About this exercise -
Take the lines below between the one holding "by rewrite andbT" and the one holding "have yB1 : y", inclusive, and copy them exactly. Add nothing.

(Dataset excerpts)
(* Let $M$ be a matroid with ground set $E(M)$, let $\Gamma$ be an abelian group and let $\psi\colon E(M)\to\Gamma$ be a labeling. The following are equivalent: (i) all bases of $M$ have the same label; (ii) $M$ has a basis $B$ such that $\psi(B')=\psi(B)$ for every basis $B'$ of $M$ with $|B\setminus B'|\le 1$; (iii) $\psi$ is constant on each connected component of $M$.
   Context: All groups are abelian and written additively. For a labeling $\psi\colon E\to\Gamma$ and $S\subseteq E$, $\psi(S):=\sum_{x\in S}\psi(x)$ is the label of $S$. The connected components of a matroid are the classes of the equivalence relation on $E(M)$ in which $x\sim y$ iff $x=y$ or $x$ and $y$ lie in a common circuit. *)

From mathcomp Require Import all_boot all_order all_algebra.
Set Implicit Arguments. Unset Strict Implicit. Unset Printing Implicit Defensive.
Import GRing.Theory.
Local Open Scope ring_scope.

Definition base_exchange (T : finType) (BB : {set {set T}}) : Prop :=
  forall B1 B2, B1 \in BB -> B2 \in BB ->
  forall x, x \in B1 :\: B2 ->
  exists2 y, y \in B2 :\: B1 & (y |: (B1 :\ x)) \in BB.

(* A matroid with ground set T (the whole finType), given by its bases. *)
Record matroid (T : finType) := Matroid {
  bases : {set {set T}};
  bases_nonempty : bases != set0;
  bases_exchange : base_exchange bases }.

Definition indep (T : finType) (M : matroid T) (I : {set T}) : Prop :=
  exists2 B, B \in bases M & I \subset B.

Definition circuit (T : finType) (M : matroid T) (C : {set T}) : Prop :=
  ~ indep M C /\ (forall D : {set T}, D \proper C -> indep M D).

(* x ~ y iff x = y or x, y lie in a common circuit; components are its classes *)
Definition comp_rel (T : finType) (M : matroid T) (x y : T) : Prop :=
  x = y \/ exists C, circuit M C /\ x \in C /\ y \in C.

Definition const_on_components (T : finType) (G : zmodType) (M : matroid T)
  (psi : T -> G) : Prop :=
  forall x y, comp_rel M x y -> psi x = psi y.

Definition label (T : finType) (G : zmodType) (psi : T -> G) (S : {set T}) : G :=
  \sum_(x in S) psi x.

(* (iii) => (i): in a basis exchange B - x + y the elements x and y lie in a
   common circuit (inside y + B), so labels agree along exchanges, and any two
   bases are joined by a sequence of exchanges.
   (i) => (iii): for x <> y in a circuit C, extend C - y to a basis B2 inside
   (C - y) + B1, where B1 is a basis containing C - x; then B1 \ B2 = {y} and
   B2 \ B1 = {x}, so equal labels force psi x = psi y.
   (ii) => (i): by (ii) every single exchange at B swaps two elements with the
   same psi-value, so each fibre K of psi is closed under exchanges at B. For
   such K, |B' :&: K| <= |B :&: K| for every basis B' (exchanging an element of
   B' \ B outside K never decreases the left side), the complement of K gives
   the reverse inequality, and the label of a basis is determined by these
   fibre counts. *)
From mathcomp Require Import all_boot all_order all_algebra.
From mathcomp Require Import zify.
Import GRing.Theory.
Set Implicit Arguments. Unset Strict Implicit. Unset Printing Implicit Defensive.

Lemma card_exchange_setD (T : finType) (B1 B2 : {set T}) x y :
  x \in B1 -> x \notin B2 -> y \in B2 ->
  #|(y |: (B1 :\ x)) :\: B2| < #|B1 :\: B2|.
Proof.
move=> xB1 xB2 yB2.
have -> : (y |: (B1 :\ x)) :\: B2 = (B1 :\: B2) :\ x.
  apply/setP=> z; rewrite !inE.
  by case: (z =P y) => [->|_]; [rewrite yB2 !andbF | rewrite andbCA].
by rewrite [#|B1 :\: B2|](cardsD1 x) inE xB1 xB2.
Qed.

Section MatroidBases.

Variables (T : finType) (M : matroid T).
Implicit Types (B I C D K : {set T}).

Lemma bases_subset_eq B1 B2 :
  B1 \in bases M -> B2 \in bases M -> B1 \subset B2 -> B1 = B2.
Proof.
move=> b1 b2 s12; apply/eqP; rewrite eqEsubset s12 /=.
apply/subsetP=> x xB2; apply/negPn/negP=> xB1.
have [|y] := bases_exchange b2 b1 (x := x); first by rewrite inE xB1 xB2.
by move=> /setDP[/(subsetP s12)->].
Qed.

Lemma bases_ind (P : {set T} -> Prop) B2 :
  B2 \in bases M -> P B2 ->
  (forall B1 x y, B1 \in bases M -> x \in B1 -> x \notin B2 -> y \in B2 ->
     y \notin B1 -> y |: (B1 :\ x) \in bases M -> P (y |: (B1 :\ x)) -> P B1) ->
  forall B1, B1 \in bases M -> P B1.
Proof.
move=> b2 P2 step B1; have [n] := ubnP #|B1 :\: B2|.
elim: n B1 => // n IH B1 hn b1.
have [|/set0Pn[x xD]] := boolP (B1 :\: B2 == set0).
  by rewrite setD_eq0 => /(bases_subset_eq b1 b2) ->.
have [y yD b3] := bases_exchange b1 b2 xD.
move: xD yD; rewrite !inE => /andP[xB2 xB1] /andP[yB1 yB2].
apply: (step B1 x y) => //; apply: IH => //.
exact: leq_trans (card_exchange_setD xB1 xB2 yB2) hn.
Qed.

Lemma card_bases B1 B2 :
  B1 \in bases M -> B2 \in bases M -> #|B1| = #|B2|.
Proof.
move=> b1 b2; apply: (bases_ind (P := fun B => #|B| = #|B2|) b2) b1 => //.
move=> B x y _ xB _ _ yB _ <-.
by rewrite cardsU1 !inE (negbTE yB) andbF [#|B|](cardsD1 x) xB.
Qed.

Lemma card_bases_setD B1 B2 :
  B1 \in bases M -> B2 \in bases M -> #|B1 :\: B2| = #|B2 :\: B1|.
Proof.
move=> b1 b2; have := card_bases b1 b2.
rewrite -(cardsID B2 B1) -(cardsID B1 B2) setIC; lia.
Qed.

Definition indepb I := [exists B in bases M, I \subset B].

Lemma indepP I : reflect (indep M I) (indepb I).
Proof.
apply: (iffP existsP) => [[B /andP[bB sB]]|[B bB sB]]; first by exists B.
by exists B; rewrite bB sB.
Qed.

Lemma dependent_circuit D :
  ~ indep M D -> exists2 C : {set T}, C \subset D & circuit M C.
Proof.
move=> Ddep; pose Q (C : {set T}) := (C \subset D) && ~~ indepb C.
have QD : Q D by rewrite /Q subxx; apply/indepP.
case: (arg_minnP (fun C : {set T} => #|C|) QD) => C /andP[CD /indepP Cdep] Cmin.
exists C => //; split=> // C' C'C; have [/indepP//|C'dep] := boolP (indepb C').
have := Cmin C'; rewrite /Q C'dep (subset_trans (proper_sub C'C) CD) => /(_ isT).
by rewrite leqNgt proper_card.
Qed.

Lemma indep_subset_base I : indep M I -> forall B1, B1 \in bases M ->
  exists2 B2, B2 \in bases M & (I \subset B2) && (B2 \subset I :|: B1).
Proof.
move=> [B0 b0 sI0] B1 b1.
pose Q (B : {set T}) := (B \in bases M) && (I \subset B).
have QB0 : Q B0 by rewrite /Q b0 sI0.
case: (arg_minnP (fun B : {set T} => #|B :\: B1|) QB0) => B2 /andP[b2 sI2] B2min.
exists B2; rewrite // sI2; apply/subsetP=> z zB2; rewrite inE.
apply/negPn/norP=> -[zI zB1].
have [|w wD b3] := bases_exchange b2 b1 (x := z); first by rewrite inE zB1.
move: wD; rewrite inE => /andP[wB2 wB1].
have : Q (w |: (B2 :\ z)).
  rewrite /Q b3; apply/subsetP=> i iI; rewrite !inE (subsetP sI2) //.
  by rewrite andbT orbC; apply/orP; left; apply: contraNneq zI => <-.
by move/B2min; rewrite leqNgt card_exchange_setD.
Qed.

Lemma circuit_not_subset_base C B :
  circuit M C -> B \in bases M -> ~ C \subset B.
Proof. by move=> [Cdep _] bB sCB; apply: Cdep; exists B. Qed.

Lemma circuit_exchange_bases C x y :
  circuit M C -> x \in C -> y \in C -> x != y ->
  exists B1, exists2 B2, B1 \in bases M /\ B2 \in bases M &
    B1 :\: B2 = [set y] /\ B2 :\: B1 = [set x].
Proof.
move=> Ccirc xC yC nxy; have [_ Cmin] := Ccirc.
have [B1 b1 sC1] := Cmin _ (properD1 xC).
have [B2 b2 /andP[sC2 s2]] := indep_subset_base (Cmin _ (properD1 yC)) b1.
have outside B z : B \in bases M -> C :\ z \subset B -> z \in C -> z \notin B.
  move=> bB sCB zC; apply/negP=> zB; apply: circuit_not_subset_base Ccirc bB _.
  by rewrite -(setD1K zC) subUset sub1set zB.
have xB2 : x \in B2 by rewrite (subsetP sC2) // !inE nxy.
have yB1 : y \in B1 by rewrite (subsetP sC1) // !inE eq_sym nxy.
have xB1 : x \notin B1 by apply: outside.
have yB2 : y \notin B2 by apply: outside.
have D21 : B2 :\: B1 = [set x].
  apply/setP=> z; rewrite !inE; apply/andP/eqP=> [[zB1 zB2]|->]; last by [].
  have := subsetP s2 z zB2; rewrite !inE (negbTE zB1) orbF => /andP[_ zC].
  by apply/eqP; apply: contraNT zB1 => nzx; rewrite (subsetP sC1) // !inE nzx.
exists B1, B2 => //; split=> //.
have /cards1P[u Du] : #|B1 :\: B2| == 1.
  by rewrite (card_bases_setD b1 b2) D21 cards1.
have : y \in B1 :\: B2 by rewrite inE yB1 yB2.
by rewrite Du inE => /eqP <-.
Qed.

Lemma exchange_circuit B x y :
  B \in bases M -> x \in B -> y \notin B -> y |: (B :\ x) \in bases M ->
  exists2 C, circuit M C & x \in C /\ y \in C.
Proof.
move=> bB xB yB bB'.
have [|C CyB Ccirc] := dependent_circuit (D := y |: B).
  move=> [B0 b0 sB0].
  have eB : B = B0.
    exact: bases_subset_eq bB b0 (subset_trans (subsetUr _ _) sB0).
  by move: yB; rewrite eB (subsetP sB0) // setU11.
have inC z B0 : B0 \in bases M -> C :\ z \subset B0 -> z \in C.
  move=> b0 sCB0; apply: contra_notT (circuit_not_subset_base Ccirc b0) => zC.
  apply: subset_trans sCB0; apply/subsetP=> u uC.
  by rewrite !inE uC andbT; apply: contraNneq zC => <-.
exists C => //; split.
  apply: inC bB' _; apply/subsetP=> u; rewrite !inE => /andP[nux uC].
  by case/setU1P: (subsetP CyB u uC) => [->|uB]; rewrite ?eqxx // nux uB orbT.
apply: inC bB _; apply/subsetP=> u; rewrite !inE => /andP[nuy uC].
by case/setU1P: (subsetP CyB u uC) => // /eqP; rewrite (negbTE nuy).
Qed.

Section ExchangeClosed.

Variables (B : {set T}) (bB : B \in bases M).

Definition exchange_closed K := forall e f, e \notin B -> f \in B ->
  e |: (B :\ f) \in bases M -> (e \in K) = (f \in K).

Lemma exchange_closedC K : exchange_closed K -> exchange_closed (~: K).
Proof. by move=> hK e f eB fB bE; rewrite !inE (hK e f eB fB bE). Qed.

Lemma card_setI_base_le_sub K B' : exchange_closed K -> B' \in bases M ->
  B' :\: B \subset K -> #|B' :&: K| <= #|B :&: K|.
Proof.
move=> hK bB' sK.
have sK' : B :\: B' \subset K.
  apply/subsetP=> f fD; have [e eD bE] := bases_exchange bB bB' fD.
  move: fD eD; rewrite !inE => /andP[fB' fB] /andP[eB eB'].
  by rewrite -(hK e f eB fB bE) (subsetP sK) // inE eB eB'.
have eqBK : (B :&: K) :\: B' = B :\: B'.
  by rewrite setDE setIAC -setDE; apply/setIidPl.
have leB'K : #|(B' :&: K) :\: B| <= #|B' :\: B|.
  by apply/subset_leq_card/setSD/subsetIl.
have eqI : B' :&: K :&: B = B :&: K :&: B'.
  apply/setP=> z; rewrite !inE.
  by case: (z \in B); case: (z \in B'); case: (z \in K).
rewrite -(cardsID B (B' :&: K)) -(cardsID B' (B :&: K)) eqBK eqI.
by rewrite -(card_bases_setD bB' bB) leq_add2l.
Qed.

Lemma card_setI_base_le K B' : exchange_closed K -> B' \in bases M ->
  #|B' :&: K| <= #|B :&: K|.
Proof.
move=> hK; have [n] := ubnP #|B' :\: B|; elim: n B' => // n IH B' hn bB'.
have [/existsP[e /andP[eD eK]]|] := boolP [exists e in B' :\: B, e \notin K].
  have [y yD bB''] := bases_exchange bB' bB eD.
  move: eD yD; rewrite !inE => /andP[eB eB'] /andP[yB' yB].
  apply: leq_trans (IH _ _ bB''); last first.
    exact: leq_trans (card_exchange_setD eB' eB yB) hn.
  apply/subset_leq_card/subsetP=> z; rewrite !inE => /andP[zB' zK].
  by rewrite zB' zK !andbT orbC; apply/orP; left; apply: contraNneq eK => <-.
rewrite negb_exists_in => /forall_inP sK.
by apply: card_setI_base_le_sub => //; apply/subsetP=> e /sK /negPn.
Qed.

Lemma card_setI_base K B' : exchange_closed K -> B' \in bases M ->
  #|B' :&: K| = #|B :&: K|.
Proof.
move=> hK bB'; apply/eqP; rewrite eqn_leq card_setI_base_le //=.
have := card_setI_base_le (exchange_closedC hK) bB'.
rewrite -!setDE -(leq_add2l #|B' :&: K|) cardsID (card_bases bB' bB).
by rewrite -(cardsID K B) leq_add2r.
Qed.

End ExchangeClosed.

End MatroidBases.

Section Labels.

Variables (T : finType) (G : zmodType) (psi : T -> G).
Local Open Scope ring_scope.

Lemma label_exchange (B : {set T}) x y : x \in B -> y \notin B ->
  label psi (y |: (B :\ x)) + psi x = label psi B + psi y.
Proof.
move=> xB yB; rewrite /label big_setU1 /= ?(big_setD1 x xB) /=; last first.
  by rewrite !inE (negbTE yB) andbF.
by rewrite addrAC [RHS]addrAC (addrC (psi x)).
Qed.

Lemma label_setID (A B : {set T}) :
  label psi A = label psi (A :&: B) + label psi (A :\: B).
Proof. by rewrite /label (big_setID B). Qed.

Definition fiber_rep (x : T) : T := odflt x [pick y | psi y == psi x].

Lemma psi_fiber_rep x : psi (fiber_rep x) = psi x.
Proof. by rewrite /fiber_rep; case: pickP => //= y /eqP. Qed.

Lemma fiber_rep_eq x x' : psi x = psi x' -> fiber_rep x = fiber_rep x'.
Proof.
by move=> e; rewrite /fiber_rep e; case: pickP => [//|/(_ x')]; rewrite eqxx.
Qed.

Lemma label_fiber_rep (S : {set T}) :
  label psi S = \sum_(j : T) psi j *+ #|S :&: [set x | fiber_rep x == j]|.
Proof.
rewrite /label (partition_big fiber_rep xpredT) //=; apply: eq_bigr => j _.
rewrite -sumr_const; apply: eq_big => [i|i /andP[_ /eqP <-]]; first by rewrite !inE.
by rewrite psi_fiber_rep.
Qed.

End Labels.

Section Equivalences.

Variables (T : finType) (G : zmodType) (M : matroid T) (psi : T -> G).

Definition label_const_on_bases := forall B1 B2,
  B1 \in bases M -> B2 \in bases M -> label psi B1 = label psi B2.

Definition label_const_near_base B := forall B',
  B' \in bases M -> #|B :\: B'| <= 1 -> label psi B' = label psi B.

Lemma label_const_on_bases_near : label_const_on_bases ->
  exists2 B, B \in bases M & label_const_near_base B.
Proof.
move=> hc; have /set0Pn[B bB] := bases_nonempty M.
by exists B => // B' bB' _; apply: hc.
Qed.

Lemma const_on_components_label_bases :
  const_on_components M psi -> label_const_on_bases.
Proof.
move=> hc B1 B2 b1 b2.
apply: (bases_ind (P := fun B => label psi B = label psi B2) b2) b1 => //.
move=> B x y bB xB _ _ yB bB' <-.
have [C Ccirc [xC yC]] := exchange_circuit bB xB yB bB'.
apply: (addIr (psi x)); rewrite label_exchange // (hc x y) //.
by right; exists C.
Qed.

Lemma label_bases_const_on_components :
  label_const_on_bases -> const_on_components M psi.
Proof.
move=> hc x y [->//|[C [Ccirc [xC yC]]]].
have [->//|nxy] := eqVneq x y.
have [B1 [B2 [b1 b2] [D12 D21]]] := circuit_exchange_bases Ccirc xC yC nxy.
have := hc B1 B2 b1 b2.
rewrite (label_setID psi B1 B2) (label_setID psi B2 B1) D12 D21 setIC.
by rewrite /label !big_set1 => /addrI.
Qed.

Lemma label_const_near_base_bases B : B \in bases M ->
  label_const_near_base B -> label_const_on_bases.
Proof.
move=> bB hB.
have psi_exchange e f : e \notin B -> f \in B -> e |: (B :\ f) \in bases M ->
    psi e = psi f.
  move=> eB fB bE; apply: (@addrI _ (label psi B)).
  rewrite -(label_exchange psi fB eB) hB //.
  rewrite -(cards1 f); apply/subset_leq_card/subsetP=> z; rewrite !inE.
  by case: (z =P f) => //= _; case: (z \in B); rewrite ?orbT ?andbF.
suff label_base B1 : B1 \in bases M -> label psi B1 = label psi B.
  by move=> B1 B2 /label_base-> /label_base->.
move=> b1; rewrite !label_fiber_rep; apply: eq_bigr => j _; congr (_ *+ _)%R.
apply: (card_setI_base bB) => // e f eB fB bE.
by rewrite !inE (fiber_rep_eq (psi_exchange e f eB fB bE)).
Qed.

End Equivalences.

Theorem theorem3p1 (T : finType) (G : zmodType) (M : matroid T) (psi : T -> G) :
  ((forall B1 B2, B1 \in bases M -> B2 \in bases M ->
      label psi B1 = label psi B2)
   <->
   (exists2 B, B \in bases M &
      forall B', B' \in bases M -> #|B :\: B'| <= 1 ->
        label psi B' = label psi B))
  /\
  ((exists2 B, B \in bases M &
      forall B', B' \in bases M -> #|B :\: B'| <= 1 ->
        label psi B' = label psi B)
   <->
   const_on_components M psi).
Proof.
have near_bases : (exists2 B, B \in bases M & label_const_near_base M psi B) ->
    label_const_on_bases M psi.
  by case=> B; apply: label_const_near_base_bases.
split; split.
- exact: label_const_on_bases_near.
- exact: near_bases.
- by move/near_bases; apply: label_bases_const_on_components.
- by move/const_on_components_label_bases; apply: label_const_on_bases_near.
Qed.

Problem solution -
  by rewrite andbT orbC; apply/orP; left; apply: contraNneq zI => <-.
by move/B2min; rewrite leqNgt card_exchange_setD.
Qed.

Lemma circuit_not_subset_base C B :
  circuit M C -> B \in bases M -> ~ C \subset B.
Proof. by move=> [Cdep _] bB sCB; apply: Cdep; exists B. Qed.

Lemma circuit_exchange_bases C x y :
  circuit M C -> x \in C -> y \in C -> x != y ->
  exists B1, exists2 B2, B1 \in bases M /\ B2 \in bases M &
    B1 :\: B2 = [set y] /\ B2 :\: B1 = [set x].
Proof.
move=> Ccirc xC yC nxy; have [_ Cmin] := Ccirc.
have [B1 b1 sC1] := Cmin _ (properD1 xC).
have [B2 b2 /andP[sC2 s2]] := indep_subset_base (Cmin _ (properD1 yC)) b1.
have outside B z : B \in bases M -> C :\ z \subset B -> z \in C -> z \notin B.
  move=> bB sCB zC; apply/negP=> zB; apply: circuit_not_subset_base Ccirc bB _.
  by rewrite -(setD1K zC) subUset sub1set zB.
have xB2 : x \in B2 by rewrite (subsetP sC2) // !inE nxy.
have yB1 : y \in B1 by rewrite (subsetP sC1) // !inE eq_sym nxy.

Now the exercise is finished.